Enrichment adds the structure the source data lacks: facility → organization → system hierarchy, provider affiliations, specialties, ownership, and standardized identifiers. External data fills gaps—linking providers to organizations, assigning NPIs, and validating locations. A facility becomes a routable endpoint. A provider becomes attributable and accountable.
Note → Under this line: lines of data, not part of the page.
(* Let $S=\{\rho_1=0<\rho_2<\rho_3<\cdots\}\subseteq\mathbb{N}_0$ be an Arf numerical semigroup of genus $g$, and let $c=\rho_r$ be its conductor. Put $l_0=0$ and, for $i=1,\dots,r-1$, $l_i=r+\rho_{i+1}-2$. For a positive integer $l$ let $$d_{ORD}(l)=\min\{\#A[\rho]\ :\ \rho\in S,\ \rho\ge\rho_{l+1}\}.$$ Then for every positive integer $l$: (a) if $l_{i-1}<l\le l_i$ for some $i\in\{1,\dots,r-1\}$, then $d_{ORD}(l)=2i$; (b) if $l\ge l_{r-1}=c+r-2$, then $d_{ORD}(l)=l+1-g$.
   Context: A numerical semigroup is a submonoid $S$ of $(\mathbb{N}_0,+)$ with finite complement; its elements are listed increasingly as $\rho_1=0<\rho_2<\cdots$. The conductor $c$ is the smallest integer such that every integer $\ge c$ lies in $S$, and $r$ is the index with $c=\rho_r$. The genus $g=c-r+1$ is the number of elements of $\mathbb{N}_0\setminus S$. $S$ is an Arf semigroup if for all positive integers $i\ge j\ge k$ one has $\rho_i+\rho_j-\rho_k\in S$. For $\rho\in S$, $A[\rho]=\{p\in S:\ \rho-p\in S\}$. The quantity $d_{ORD}(l)$ is the order (Feng–Rao) bound on the minimum distance of the one-point algebraic geometry code $C_\Omega(\mathcal{P},\rho_lQ)$ when $S$ is the Weierstrass semigroup at $Q$. *)

From mathcomp Require Import all_boot.
Set Implicit Arguments. Unset Strict Implicit. Unset Printing Implicit Defensive.

Definition numerical_semigroup (S : pred nat) : Prop :=
  [/\ S 0, (forall a b, S a -> S b -> S (a + b)) &
      exists N, forall n, N <= n -> S n].

(* rho lists the elements of S increasingly: rho 1 < rho 2 < ...  (index 0 unused) *)
Definition enumerates (S : pred nat) (rho : nat -> nat) : Prop :=
  (forall i, 0 < i -> rho i < rho i.+1) /\
  (forall x, S x <-> exists2 i, 0 < i & rho i = x).

Definition is_conductor (S : pred nat) (c : nat) : Prop :=
  (forall n, c <= n -> S n) /\
  (forall c', (forall n, c' <= n -> S n) -> c <= c').

(* genus: number of gaps (all gaps are < c when c is the conductor) *)
Definition genus (S : pred nat) (c : nat) : nat := \sum_(n < c) ~~ S n.

Definition Arf (S : pred nat) (rho : nat -> nat) : Prop :=
  forall i j k, 0 < k -> k <= j -> j <= i -> S (rho i + rho j - rho k).

(* #A[x] = #{p in S : x - p in S}  (such p satisfy p <= x) *)
Definition A_card (S : pred nat) (x : nat) : nat :=
  \sum_(p < x.+1) (S p && S (x - p)).

Definition is_dORD (S : pred nat) (rho : nat -> nat) (l d : nat) : Prop :=
  (exists2 x, S x /\ rho l.+1 <= x & A_card S x = d) /\
  (forall x, S x -> rho l.+1 <= x -> d <= A_card S x).

Definition lseq (rho : nat -> nat) (r i : nat) : nat :=
  if i == 0 then 0 else r + rho i.+1 - 2.

(* Count #A[x] by splitting each decomposition x = p + (x - p), p and x - p in S,
   according to a threshold m: if x - p lies in S for every p in S below m, and no
   two elements of S below m sum to x, then #A[x] is twice the number of elements
   of S below m plus the number of decompositions with both parts at least m.
   For m = rho_(i+1) and x = c - 1 + rho_(i+1) the Arf property forbids the second
   term, since c - 1 = rho_a + rho_b - rho_(i+1) is a gap; this gives the value 2i.
   The same splitting bounds #A[y] below by 2i once y >= c + rho_i, and for
   x >= 2c - 1 with m = c the second term is exactly x + 1 - 2c. *)
From mathcomp Require Import all_boot zify.
Set Implicit Arguments. Unset Strict Implicit.

Definition card_below (S : pred nat) (m : nat) : nat := \sum_(0 <= n < m) S n.

Lemma genus_add_card_below (S : pred nat) c : genus S c + card_below S c = c.
Proof.
rewrite /genus /card_below big_mkord -big_split /=.
rewrite (eq_bigr (fun=> 1)) ?sum1_card ?card_ord // => n _.
by case: (S n).
Qed.

Lemma A_card_nat (S : pred nat) x :
  A_card S x = \sum_(0 <= p < x.+1) (S p && S (x - p)).
Proof. by rewrite /A_card big_mkord. Qed.

Section Splitting.

Variables (S : pred nat) (m x : nat).
Hypothesis m_le_Sx : m <= x.+1.

Lemma sum_low_mem :
  \sum_(0 <= p < x.+1) ((p < m) && S p) = card_below S m.
Proof.
rewrite /card_below (big_nat_widen _ _ _ _ _ m_le_Sx) [RHS]big_mkcond /=.
by apply: eq_bigr => p _; case: (p < m).
Qed.

Lemma sum_low_mem_compl :
  \sum_(0 <= p < x.+1) ((x - p < m) && S (x - p)) = card_below S m.
Proof.
rewrite -sum_low_mem [RHS]big_nat_rev /=.
by apply: eq_bigr => p _; rewrite add0n subSS.
Qed.

Hypothesis low_compl : forall p, p < m -> S p -> S (x - p).
Hypothesis no_low_pair : forall p, p < m -> x - p < m -> ~~ (S p && S (x - p)).

Lemma A_card_split :
  A_card S x = 2 * card_below S m +
    \sum_(0 <= p < x.+1) [&& m <= p, m <= x - p, S p & S (x - p)].
Proof.
rewrite A_card_nat; transitivity (\sum_(0 <= p < x.+1)
  (((p < m) && S p) + ((x - p < m) && S (x - p)) +
   [&& m <= p, m <= x - p, S p & S (x - p)])).
  apply: eq_big_nat => p /andP[_ px].
  case: (ltnP p m) => pm; case: (ltnP (x - p) m) => qm /=.
  - case Sp: (S p); case Sq: (S (x - p)) => //.
    + by move: (no_low_pair pm qm); rewrite Sp Sq.
    + by move: (low_compl pm Sp); rewrite Sq.
    + by move: (low_compl qm Sq); rewrite subKn // Sp.
  - by case Sp: (S p); rewrite ?(low_compl pm Sp) ?addn0.
  - case Sq: (S (x - p)); rewrite ?andbF //.
    by move: (low_compl qm Sq); rewrite subKn // => ->.
  - by [].
by rewrite !big_split /= sum_low_mem sum_low_mem_compl addnn mul2n.
Qed.

End Splitting.

Section Enumeration.

Variables (S : pred nat) (rho : nat -> nat).
Hypotheses (S0 : S 0) (enumS : enumerates S rho).

Let rho_mono : {in [pred k | 0 < k] &, {mono rho : i j / i <= j}}.
Proof.
apply: leq_mono_in; apply: homo_ltn_in ltn_trans _ _.
  by move=> i j _ _ k /andP[ik _]; rewrite inE (leq_ltn_trans (leq0n i) ik).
by move=> i i0 _; apply: enumS.1.
Qed.

Lemma leq_rho i j : 0 < i -> 0 < j -> (rho i <= rho j) = (i <= j).
Proof. exact: rho_mono. Qed.

Lemma ltn_rho i j : 0 < i -> 0 < j -> (rho i < rho j) = (i < j).
Proof. by move=> i0 j0; rewrite !ltnNge leq_rho. Qed.

Lemma rho_mem i : 0 < i -> S (rho i).
Proof. by move=> i0; apply/enumS.2; exists i. Qed.

Lemma memS_rho p : S p -> exists2 i, 0 < i & rho i = p.
Proof. exact: (enumS.2 p).1. Qed.

Lemma rho1 : rho 1 = 0.
Proof.
have [i i0 rho_i] := memS_rho S0.
by apply/eqP; rewrite -leqn0 -[leqRHS]rho_i leq_rho.
Qed.

Lemma leq_rho_of_ltn k p : 0 < k -> S p -> p < rho k.+1 -> p <= rho k.
Proof.
move=> k0 /memS_rho[j j0 <-].
by rewrite ltn_rho // ltnS -leq_rho.
Qed.

Lemma card_below_rho k : 0 < k -> card_below S (rho k) = k.-1.
Proof.
elim: k => // [[_ _|k IHk _]]; first by rewrite rho1 /card_below big_geq.
have lt_rho : rho k.+1 < rho k.+2 by rewrite ltn_rho.
rewrite /card_below (@big_cat_nat _ _ _ (rho k.+1)) ?(ltnW lt_rho) //=.
rewrite -/(card_below S _) IHk // big_ltn // rho_mem // big1_seq ?addn0 ?addn1 //.
move=> n /andP[_]; rewrite mem_index_iota => /andP[lo hi].
case Sn: (S n) => //.
by have := leq_rho_of_ltn (ltn0Sn k) Sn hi; rewrite leqNgt lo.
Qed.

Lemma two_mul_leq_A_card k y : 0 < k -> rho k.+1 <= y.+1 ->
  rho k + rho k < y -> (forall p, S p -> p <= rho k -> S (y - p)) ->
  2 * k <= A_card S y.
Proof.
move=> k0 rho_y y_gt low_compl.
rewrite (A_card_split (m := rho k.+1)) // ?card_below_rho ?leq_addr //.
  by move=> p pm Sp; apply: low_compl Sp (leq_rho_of_ltn k0 Sp pm).
move=> p pm qm; apply/negP => /andP[Sp Sq].
by move: (leq_rho_of_ltn k0 Sp pm) (leq_rho_of_ltn k0 Sq qm); lia.
Qed.

Section Conductor.

Variables (c r : nat).
Hypotheses (condS : is_conductor S c) (r_gt0 : 0 < r) (rho_r : rho r = c).

Lemma conductor_gap : 0 < c -> ~~ S c.-1.
Proof.
move=> c0; apply/negP => Sc1.
suff : c <= c.-1 by rewrite leqNgt ltn_predL c0.
apply: condS.2 => n; rewrite leq_eqVlt => /orP[/eqP <- // | lt_n].
by apply: condS.1; lia.
Qed.

Lemma rho_addn k : rho (r + k) = c + k.
Proof.
elim: k => [|k IHk]; first by rewrite !addn0.
have rk0 : 0 < r + k := ltn_addr k r_gt0.
have [j j0 rho_j] := memS_rho (condS.1 (c + k.+1) (leq_addr _ _)).
have lt_j : r + k < j by rewrite -(ltn_rho rk0 j0) rho_j IHk addnS.
have le_c : rho (r + k.+1) <= c + k.+1 by rewrite -rho_j leq_rho ?addnS.
have ge_c : c + k.+1 <= rho (r + k.+1) by rewrite !addnS -IHk ltn_rho.
by apply/eqP; rewrite eqn_leq le_c ge_c.
Qed.

Lemma leq_rho_conductor n k : 0 < n -> (rho n <= c + k) = (n <= r + k).
Proof. by move=> n0; rewrite -rho_addn leq_rho // ltn_addr. Qed.

Lemma conductor_leq_rho n k : 0 < n -> (c + k <= rho n) = (r + k <= n).
Proof. by move=> n0; rewrite -rho_addn leq_rho // ltn_addr. Qed.

Lemma card_below_conductor : card_below S c = r.-1.
Proof. by rewrite -rho_r card_below_rho. Qed.

Lemma A_card_above_conductor y : c + c <= y.+1 ->
  A_card S y = 2 * r.-1 + (y.+1 - (c + c)).
Proof.
move=> cy; rewrite (A_card_split (m := c)) ?card_below_conductor; last first.
- by move=> p pc qc; exfalso; lia.
- by move=> p pc _; apply: condS.1; lia.
- lia.
congr (_ + _); transitivity (\sum_(0 <= p < y.+1) ((c <= p) && (p <= y - c))).
  apply: eq_big_nat => p /andP[_ py]; have -> : (p <= y - c) = (c <= y - p) by lia.
  case: (leqP c p) => //= cp; case: (leqP c (y - p)) => //= cq.
  by rewrite !condS.1.
have -> : \sum_(0 <= p < y.+1) ((c <= p) && (p <= y - c)) =
          \sum_(0 <= p < y.+1 | (true && (p < (y - c).+1)) && (c <= p)) 1.
  rewrite [RHS]big_mkcond; apply: eq_bigr => p _.
  by rewrite /= ltnS andbC; case: (c <= p <= y - c).
rewrite -big_nat_widenl // -big_nat_widen ?sum_nat_const_nat; lia.
Qed.

Lemma A_card_Arf_witness i : Arf S rho -> 0 < i < r ->
  A_card S (c.-1 + rho i.+1) = 2 * i.
Proof.
move=> arf /andP[i0 ir]; set m := rho i.+1.
have m_le_c : m <= c by rewrite -rho_r leq_rho.
have m0 : 0 < m by rewrite -rho1 ltn_rho.
have gap := conductor_gap (leq_trans m0 m_le_c).
rewrite (A_card_split (m := m)) ?card_below_rho //; first last.
- by move=> p pm qm; exfalso; lia.
- by move=> p pm _; apply: condS.1; lia.
- lia.
rewrite big1 ?addn0 // => p _; case: and4P => //= -[mp mq].
move=> /memS_rho[a a0 rho_a] /memS_rho[b b0 rho_b].
have sum_gap : rho a + rho b - m = c.-1 by lia.
have ia : i.+1 <= a by rewrite -leq_rho // rho_a.
have ib : i.+1 <= b by rewrite -leq_rho // rho_b.
suff : S c.-1 by rewrite (negbTE gap).
rewrite -sum_gap; case: (leqP a b) => ab.
  by rewrite addnC; apply: arf.
exact: arf (ltnW ab).
Qed.

Lemma two_mul_leq_A_card_tail i l y : 0 < i < r -> lseq rho r i.-1 < l ->
  S y -> rho l.+1 <= y -> 2 * i <= A_card S y.
Proof.
move=> /andP[i0 ir] lo Sy ly.
suff [] : [/\ rho i.+1 <= y.+1, rho i + rho i < y &
          forall p, S p -> p <= rho i -> S (y - p)] by apply: two_mul_leq_A_card.
have [i1|i2] := leqP i 1.
  (* l_0 = 0 does not follow the pattern r + rho_i - 2: only y \in S is known *)
  have i1_eq : i = 1 by lia.
  move: lo; rewrite i1_eq /lseq /= => l0.
  have rho2_y : rho 2 <= y by apply: leq_trans ly; rewrite leq_rho.
  have rho2_gt0 : 0 < rho 2 by rewrite -rho1 ltn_rho.
  rewrite rho1; split; [lia | lia | move=> p Sp; rewrite leqn0 => /eqP ->].
  by rewrite subn0.
have lo_r : r + rho i <= l.+1.
  by move: lo; rewrite /lseq (_ : (i.-1 == 0) = false) ?prednK //; lia.
have rho_i_lt_c : rho i < c by rewrite -rho_r ltn_rho.
have m_le_c : rho i.+1 <= c by rewrite -rho_r leq_rho.
have cy : c + rho i <= y by apply: leq_trans ly; rewrite conductor_leq_rho.
split; [lia | lia | move=> p Sp pi; apply: condS.1; lia].
Qed.

Lemma is_dORD_Arf i l : Arf S rho -> 0 < i < r ->
  lseq rho r i.-1 < l <= lseq rho r i -> is_dORD S rho l (2 * i).
Proof.
move=> arf /[dup] i_range /andP[i0 ir] /andP[lo hi]; split; last first.
  by move=> y Sy ly; apply: two_mul_leq_A_card_tail lo Sy ly.
exists (c.-1 + rho i.+1); last exact: A_card_Arf_witness arf i_range.
have m0 : 0 < rho i.+1 by rewrite -rho1 ltn_rho.
have m_le_c : rho i.+1 <= c by rewrite -rho_r leq_rho.
split; first by apply: condS.1; lia.
have -> : c.-1 + rho i.+1 = c + (rho i.+1).-1 by lia.
by move: hi; rewrite /lseq ifN ?lt0n_neq0 // leq_rho_conductor //; lia.
Qed.

Lemma is_dORD_above_conductor l : lseq rho r (r - 1) <= l ->
  is_dORD S rho l (l + 1 - genus S c).
Proof.
move=> hl; have genus_c := genus_add_card_below S c.
rewrite card_below_conductor in genus_c.
have [r_le_l c_le_l] : r <= l.+1 /\ c + r <= l + 2.
  move: hl; rewrite /lseq; case: eqP => [r1 _ | r1].
    have r1_eq : r = 1 by lia.
    by move: rho_r; rewrite r1_eq rho1 => <-; lia.
  by rewrite subn1 prednK // rho_r; lia.
have rho_l : rho l.+1 = c + (l.+1 - r) by rewrite -rho_addn subnKC.
split.
  exists (rho l.+1); first by split; [apply: rho_mem |].
  by rewrite A_card_above_conductor rho_l; lia.
by move=> y _ ly; rewrite A_card_above_conductor; lia.
Qed.

End Conductor.

End Enumeration.

Theorem mainTheorem1 (S : pred nat) (rho : nat -> nat) (c r g : nat) :
  numerical_semigroup S -> enumerates S rho -> Arf S rho ->
  is_conductor S c -> 0 < r -> rho r = c -> g = genus S c ->
  forall l, 0 < l ->
    (forall i, 1 <= i <= r - 1 ->
       lseq rho r i.-1 < l <= lseq rho r i -> is_dORD S rho l (2 * i)) /\
    (lseq rho r (r - 1) <= l -> is_dORD S rho l (l + 1 - g)).
Proof.
move=> [S0 _ _] enumS arf condS r0 rho_r -> l _; split.
  move=> i ir; apply: (is_dORD_Arf S0 enumS condS r0 rho_r arf); lia.
exact: (is_dORD_above_conductor S0 enumS condS r0 rho_r).
Qed.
This is where alerts become operational.

• A discharge is routed to the correct facility and owner
• A provider is attributable and accountable
• An event is assigned, measured, and followed up

Enrichment also expands the detectable alert. Our Signal products’ cross-source linkage surfaces encounters, relationships, and attributes no single feed contains, collapsing fragmented data into a complete, longitudinal view.

Without enrichment, the alert creates work. With it, the alert is the work.

Context is what makes it usable.‍

Even when identity is resolved, the next question is immediate: what actually happened?

Most alerts don’t answer that. They indicate that an event occurred, but not why. The reason for admission, medication changes, procedures performed, and risk factors that determine urgency are often missing, delayed, or buried in documents that arrive hours or days later.

In practice, this forces the same pattern: the alert is routed correctly, but the care team still has to reconstruct the clinical picture. They open charts, chase documents, and manually interpret what should already be available. The alert is there, but not in a form that supports immediate action.

Context completes the event.

• Identity answers where and who
• Context answers what happened and how urgent it is

Without it, even perfectly routed alerts degrade into investigation. With it, the next step is clear at the moment the alert arrives.

Identity → Context → Action
These are not independent layers. Identity determines whether context can be attached. Context determines whether action is possible.

If identity is ambiguous, context attaches incorrectly or not at all. If context is incomplete, routing degrades into manual work. By the time action is required, the system has already failed.

Alerts do not fail at delivery. They fail upstream—when identity is not resolved and context cannot be constructed.

The alert arrives. The work starts from zero.